To the Editor:

Recently, Paulson et al.1 introduced a normalization method, reporting that it improves clustering of meta-genomic abundance data, which is very important for many applications in the fast-growing area of microbiome research. However, in our view, the perceived improvement is due to a postprocessing procedure that is preferentially combined with some, but not all, normalizations included in their method comparison, rather than to the proposed normalization itself.

Paulson et al.1 compared their normalization method to three existing ones using a data set from a study of microbial communities in the mouse gut and concluded that their method, called cumulative-sum scaling (CSS), “substantially improved” the separation between two known clusters present in the data1. As the authors kindly provided us with the source code, we were able to reproduce their first figure (Supplementary Fig. 1). However, this was possible only when we applied a logarithm transformation to the data normalized with their CSS method but not to the data normalized by the other methods. Combining the log transformation with each of the normalizations shows that differences in cluster separation are due mainly to this additional transformation and not to the normalization itself (Fig. 1). Thus, conceptually simpler methods, such as relative-abundance normalization (also called total-sum scaling (TSS)), should not be dismissed on these grounds.

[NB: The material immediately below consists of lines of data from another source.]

(* Let $n\ge2$, let $\mathbf{x}=(x_1,\dots,x_n)^T\in\mathbb{C}^n$ with $x_i\neq x_j$ for all $i\neq j$, let $F$, $p$ and $F''$ be as in the context, and put \[ W_l=\frac{p(x_l)}{\prod_{j=1,\,j\neq l}^n(x_l-x_j)},\qquad l=1,\dots,n,\qquad \mathbf{d}=F'(\mathbf{x})^{-1}F(\mathbf{x}). \] Then $\mathbf{d}=(W_1,\dots,W_n)^T$ and, for $j=1,\dots,n$, \[ \Big(F'(\mathbf{x})^{-1}\,F''(\mathbf{x})(\mathbf{d},\mathbf{d})\Big)_j=2\,W_j\sum_{\nu=1,\,\nu\neq j}^n\frac{W_\nu}{x_\nu-x_j}. \]
   Context: Let $p(t)=t^n+a_{n-1}t^{n-1}+\dots+a_1t+a_0$ be a monic polynomial of degree $n$ with real coefficients, and set $\mathbf{a}=(a_0,a_1,\dots,a_{n-1})^T$. Define $V=(v_1,\dots,v_n)^T:\mathbb{C}^n\to\mathbb{C}^n$ by \[ v_{n-\nu+1}(\mathbf{x})=\sum_{i_1<i_2<\dots<i_\nu}(-x_{i_1})(-x_{i_2})\cdots(-x_{i_\nu}),\qquad \nu=1,\dots,n, \] (the sum running over all $\nu$-element index sets $\{i_1<\dots<i_\nu\}\subseteq\{1,\dots,n\}$), so that $\prod_{j=1}^n(t-x_j)=t^n+\sum_{j=0}^{n-1}v_{j+1}(\mathbf{x})t^j$. Define $F=(f_1,\dots,f_n)^T:\mathbb{C}^n\to\mathbb{C}^n$ by $F(\mathbf{x})=V(\mathbf{x})-\mathbf{a}$, with Jacobian $F'(\mathbf{x})$. For $k=1,\dots,n$, $A^{(k)}(\mathbf{x})\in\mathbb{C}^{n\times n}$ is the matrix whose $(i,l)$ entry is $\partial^2 f_i(\mathbf{x})/\partial x_l\partial x_k$, and the second derivative is the bilinear map $F''(\mathbf{x})(\mathbf{y},\mathbf{z})=\sum_{k=1}^n z_k\,A^{(k)}(\mathbf{x})\,\mathbf{y}$ for $\mathbf{y},\mathbf{z}\in\mathbb{C}^n$, i.e. $F''(\mathbf{x})(\mathbf{y},\mathbf{z})_i=\sum_{k,l}\frac{\partial^2 f_i(\mathbf{x})}{\partial x_l\partial x_k}y_l z_k$. *)

From HB Require Import structures.
From mathcomp Require Import all_boot all_order all_algebra.
From mathcomp Require Import mpoly.
From mathcomp Require Import complex.
Set Implicit Arguments. Unset Strict Implicit. Unset Printing Implicit Defensive.
Import Order.TTheory GRing.Theory Num.Theory.
Local Open Scope ring_scope.

Section Defs.
Variables (R : rcfType) (n : nat).
Local Notation C := (complex R).

Definition realC (r : R) : C := Complex r 0.

(* p(t) = t^n + sum_{j<n} a_j t^j, evaluated at a complex point;
   a j is the coefficient a_j (0-based index j = 0..n-1). *)
Definition p_eval (a : 'I_n -> R) (t : C) : C :=
  t ^+ n + \sum_(j < n) realC (a j) * t ^+ j.

(* Component i (0-based, i.e. v_{i+1}) of V as a polynomial in x_1..x_n:
   v_{n-nu+1} = sum over nu-subsets of prod (-x_k), with nu = n - i. *)
Definition Vpoly (i : 'I_n) : {mpoly C[n]} :=
  \sum_(A : {set 'I_n} | #|A| == (n - i)%N) \prod_(k in A) (- 'X_k).

Definition Fpoly (a : 'I_n -> R) (i : 'I_n) : {mpoly C[n]} :=
  Vpoly i - (realC (a i))%:MP.

Definition Fval (a : 'I_n -> R) (x : 'cV[C]_n) : 'cV[C]_n :=
  \col_i (Fpoly a i).@[fun k => x k 0].

Definition Fjac (a : 'I_n -> R) (x : 'cV[C]_n) : 'M[C]_n :=
  \matrix_(i, l) (mderiv l (Fpoly a i)).@[fun k => x k 0].

Definition Amat (a : 'I_n -> R) (x : 'cV[C]_n) (k : 'I_n) : 'M[C]_n :=
  \matrix_(i, l) (mderiv l (mderiv k (Fpoly a i))).@[fun k' => x k' 0].

Definition F2 (a : 'I_n -> R) (x y z : 'cV[C]_n) : 'cV[C]_n :=
  \sum_(k < n) z k 0 *: (Amat a x k *m y).

Definition Wcoef (a : 'I_n -> R) (x : 'cV[C]_n) (l : 'I_n) : C :=
  p_eval a (x l 0) / \prod_(j < n | j != l) (x l 0 - x j 0).

End Defs.

From HB Require Import structures.
From mathcomp Require Import all_boot all_order all_algebra.
From mathcomp Require Import mpoly.
From mathcomp Require Import complex.
From mathcomp Require Import ring.
Import Order.TTheory GRing.Theory Num.Theory.
Local Open Scope ring_scope.
Set Implicit Arguments. Unset Strict Implicit. Unset Printing Implicit Defensive.

(* The proof works entirely with univariate polynomials in t.  By Vieta,
   the components of V(x) are the low coefficients of the nodal polynomial
   q(t) = prod_j (t - x_j).  Differentiating q coefficientwise in the
   symbolic variables x_1..x_n gives d q / d x_l = - prod_(j <> l)(t - x_j)
   and d^2 q / d x_k d x_l = prod_(j <> k, l)(t - x_j) for k <> l (zero for
   k = l).  Hence F'(x) y is the coefficient vector of the polynomial
   L_y = - sum_l y_l prod_(j <> l)(t - x_j), of degree < n, whose value at
   the node x_m is - y_m * prod_(j <> m)(x_m - x_j).
   A polynomial of degree < n is determined by its values at the n distinct
   nodes, and so is its coefficient vector.  This gives, by comparing values
   at the nodes:
   - F'(x) is invertible (L_y = 0 forces y = 0);
   - F'(x) W = F(x), the coefficient vector of q - p (both sides equal
     - p(x_m) at x_m), so d = W;
   - F''(x)(W,W) = F'(x) Y with Y_j = 2 W_j sum_(nu <> j) W_nu/(x_nu - x_j). *)

Section NodalPolynomials.
Variables (K : idomainType) (n : nat) (z : 'I_n -> K).

Lemma size_sum_le (I : finType) (P : pred I) (F : I -> {poly K}) k :
  (forall i, P i -> (size (F i) <= k)%N) -> (size (\sum_(i | P i) F i)%R <= k)%N.
Proof. by move=> hF; apply: leq_trans (size_sum _ _ _) _; apply/bigmax_leqP. Qed.

Lemma size_prod_XsubC_omit (P : pred 'I_n) (l : 'I_n) :
  ~~ P l -> (size (\prod_(j | P j) ('X - (z j)%:P))%R <= n)%N.
Proof.
move=> nPl; rewrite -big_filter size_prod_XsubC size_filter.
have -> : count P (index_enum 'I_n) = #|P| by rewrite cardE /enum_mem size_filter.
rewrite -[X in (_ <= X)%N](card_ord n) -(cardC P) -[X in (X < _)%N]addn0.
by rewrite ltn_add2l; apply/card_gt0P; exists l; rewrite inE.
Qed.

Lemma horner_prod_XsubC_node (P : pred 'I_n) (m : 'I_n) :
  (\prod_(j | P j) ('X - (z j)%:P)).[z m] =
  if P m then 0 else \prod_(j | P j) (z m - z j).
Proof.
rewrite horner_prod; under eq_bigr do rewrite hornerXsubC.
by case: ifP => // Pm; rewrite (bigD1 m) //= subrr mul0r.
Qed.

Lemma poly_eq_at_nodes (A B : {poly K}) :
  injective z -> (size A <= n)%N -> (size B <= n)%N ->
  (forall m, A.[z m] = B.[z m]) -> A = B.
Proof.
move=> inj_z sA sB eqAB; apply/eqP; rewrite -subr_eq0; apply/eqP.
apply: (@roots_geq_poly_eq0 _ _ [seq z m | m <- enum 'I_n]).
- by apply/allP => t /mapP [m _ ->]; rewrite /root hornerD hornerN eqAB subrr.
- by rewrite map_inj_uniq // enum_uniq.
- rewrite size_map size_enum_ord; apply: leq_trans (size_polyD _ _) _.
  by rewrite geq_max size_polyN sA sB.
Qed.

End NodalPolynomials.

Section CoefficientwiseDerivative.
Variables (K : comNzRingType) (n : nat).
Local Notation XsubX j := ('X - ('X_j : {mpoly K[n]})%:P).

Definition cderiv (l : 'I_n) (P : {poly {mpoly K[n]}}) : {poly {mpoly K[n]}} :=
  map_poly (mderiv l) P.

Lemma coef_cderiv l P i : (cderiv l P)`_i = mderiv l P`_i.
Proof. by rewrite /cderiv coef_map_id0 // mderiv0. Qed.

Lemma cderivM l P Q : cderiv l (P * Q) = cderiv l P * Q + P * cderiv l Q.
Proof.
apply/polyP => i; rewrite coefD coef_cderiv !coefM raddf_sum -big_split /=.
by apply: eq_bigr => j _; rewrite mderivM !coef_cderiv.
Qed.

Lemma mderiv_var (l j : 'I_n) : mderiv l ('X_j : {mpoly K[n]}) = (j == l)%:R.
Proof.
rewrite mderivX mnm1E; case: (j =P l) => [->|_]; last by rewrite scale0r.
have -> : (U_(l) - U_(l))%MM = 0%MM.
  by apply/mnmP => k; rewrite mnmBE mnm0E subnn.
by rewrite mpolyX0 scale1r.
Qed.

Lemma cderiv_XsubX l j : cderiv l (XsubX j) = - ((j == l)%:R)%:P.
Proof.
have cderivX : cderiv l 'X = 0.
  apply/polyP => i; rewrite coef_cderiv coefX coef0.
  by case: (i == 1)%N; rewrite ?mulr1n -?mpolyC1 ?mderivC ?mderiv0.
rewrite /cderiv raddfB /= -/(cderiv l 'X) cderivX map_polyC sub0r.
by congr (- _%:P); apply: mderiv_var.
Qed.

Lemma cderiv_prod_free l (P : pred 'I_n) :
  ~~ P l -> cderiv l (\prod_(j | P j) XsubX j) = 0.
Proof.
move=> nPl; apply: (big_ind (fun Q => cderiv l Q = 0)).
- by rewrite -polyC1 /cderiv map_polyC /= -mpolyC1 mderivC.
- by move=> Q1 Q2 h1 h2; rewrite cderivM h1 h2 mul0r mulr0 addr0.
- move=> j Pj; rewrite cderiv_XsubX; case: (j =P l) => [ejl|]; last by rewrite oppr0.
  by move: Pj; rewrite ejl (negbTE nPl).
Qed.

Lemma cderiv_prod l (P : pred 'I_n) :
  P l -> cderiv l (\prod_(j | P j) XsubX j) = - \prod_(j | P j && (j != l)) XsubX j.
Proof.
move=> Pl; rewrite (bigD1 l) //= cderivM cderiv_prod_free; last by rewrite eqxx andbF.
by rewrite cderiv_XsubX eqxx mulr0 addr0 mulNr mul1r.
Qed.

Lemma meval_coef_prod (v : 'I_n -> K) (P : pred 'I_n) i :
  ((\prod_(j | P j) XsubX j)`_i).@[v] = (\prod_(j | P j) ('X - (v j)%:P))`_i.
Proof.
rewrite -coef_map_id0 ?meval0 // rmorph_prod.
by under eq_bigr do rewrite rmorphB /= map_polyX map_polyC /= mevalXU.
Qed.

End CoefficientwiseDerivative.

Section Vieta.
Variables (R : rcfType) (n : nat).
Local Notation C := (complex R).
Local Notation XsubX j := ('X - ('X_j : {mpoly C[n]})%:P).

Lemma Vpoly_coef (i : 'I_n) : Vpoly R i = (\prod_(j < n) XsubX j)`_i.
Proof.
pose xs := [tuple ('X_j : {mpoly C[n]}) | j < n].
have ki : (n - i < n.+1)%N by rewrite ltnS leq_subr.
have := mroots_coeff xs (Ordinal ki).
rewrite /= subKn; last exact: ltnW.
have -> : \prod_(c <- xs) ('X - c%:P) = \prod_(j < n) XsubX j.
  by rewrite /xs /= big_map big_enum.
move=> ->; rewrite /mesym raddf_sum /= mulr_sumr /Vpoly.
apply: eq_bigr => A /eqP cardA; rewrite rmorph_prod /= prodrN cardA.
by congr (_ * _); apply: eq_bigr => j _; rewrite mevalXU tnth_mktuple.
Qed.

Lemma mderiv_Vpoly (l i : 'I_n) :
  mderiv l (Vpoly R i) = - (\prod_(j | j != l) XsubX j)`_i.
Proof. by rewrite Vpoly_coef -coef_cderiv cderiv_prod // coefN. Qed.

Lemma mderiv2_Vpoly (k l i : 'I_n) :
  mderiv l (mderiv k (Vpoly R i)) =
  if l == k then 0 else (\prod_(j | (j != k) && (j != l)) XsubX j)`_i.
Proof.
rewrite mderiv_Vpoly mderivN -coef_cderiv.
case: (l =P k) => [->|/eqP nlk]; last by rewrite cderiv_prod // coefN opprK.
by rewrite cderiv_prod_free ?eqxx // coef0 oppr0.
Qed.

End Vieta.

Section NewtonCorrection.
Variables (R : rcfType) (n : nat) (a : 'I_n -> R) (x : 'cV[complex R]_n).
Hypothesis x_inj : forall i j : 'I_n, i != j -> x i 0 != x j 0.
Local Notation C := (complex R).
Local Notation W := (\col_l Wcoef a x l).

Definition nodal : {poly C} := \prod_(j < n) ('X - (x j 0)%:P).
Definition omit1 (l : 'I_n) : {poly C} := \prod_(j | j != l) ('X - (x j 0)%:P).
Definition omit2 (k l : 'I_n) : {poly C} :=
  \prod_(j | (j != k) && (j != l)) ('X - (x j 0)%:P).
Definition ppoly : {poly C} := 'X^n + \sum_(j < n) (realC (a j))%:P * 'X^j.

(* q'(x_m) = prod_(j <> m) (x_m - x_j), the denominator of W_m. *)
Definition node_weight (m : 'I_n) : C := \prod_(j | j != m) (x m 0 - x j 0).

(* The polynomial whose coefficient vector is F'(x) y. *)
Definition jac_poly (y : 'cV[C]_n) : {poly C} := - \sum_l y l 0 *: omit1 l.

Lemma node_inj : injective (fun k => x k 0).
Proof. by move=> i j; apply: contra_eq => /x_inj. Qed.

Lemma node_weight_neq0 m : node_weight m != 0.
Proof. by apply/prodf_neq0 => j jm; rewrite subr_eq0 x_inj // eq_sym. Qed.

Figure 1: Clustering analysis of different normalization methods.
figure 1

(a–d) First two principal coordinates of multidimensional-scaling (MDS) analysis of mouse stool data normalized by CSS (a), DESeq size factors (b), trimmed mean of M-values (TMM) (c) and total-sum scaling (d). The pseudocount (z) used with the log transformation is indicated in parentheses (Supplementary Note). Colors indicate clinical phenotype (diet). LF-PP, low-fat, plant polysaccharide–rich diet. All normalizations separate samples by diet. (e) Class posterior probability log ratio for Western diet obtained from linear discriminant analysis. Each box corresponds to the distribution of leave-one-out posterior probability of assignment to the 'Western' cluster across normalization methods. Samples were optimally distinguished by phenotypic similarity regardless of the method of normalization used. This figure corresponds to Figure 1 in Paulson et al.1 (see also Supplementary Fig. 1).

To understand the large effect of the log transformation on this comparison, it is important to note that it is nonlinear, a feature that can fundamentally change the distribution of the data (skewing reduction, for example). Because the transformation is undefined for input values ≤0, one typically adds a small value (pseudocount) to non-negative input data to avoid log(0). However, owing to the nonlinearity of the log, this value also affects the transformation result (Supplementary Fig. 2). Paulson et al.1 set the pseudocount to 1 as a way to preserve zero counts. However, as the four normalizations compared produce output values whose ranges differ by several orders of magnitude, the same pseudocount may not be optimal for all of them. It should instead be chosen to ensure a consistent treatment: for instance, by setting it to a value smaller than the minimum abundance value before transformation (Supplementary Fig. 2 and Supplementary Note).

Methodological improvements are crucial in highly complex fields such as metagenomics. We feel, however, that in a comparison of different approaches, it is important to minimize the potential confounding sources by ensuring equal treatment of all methods under study.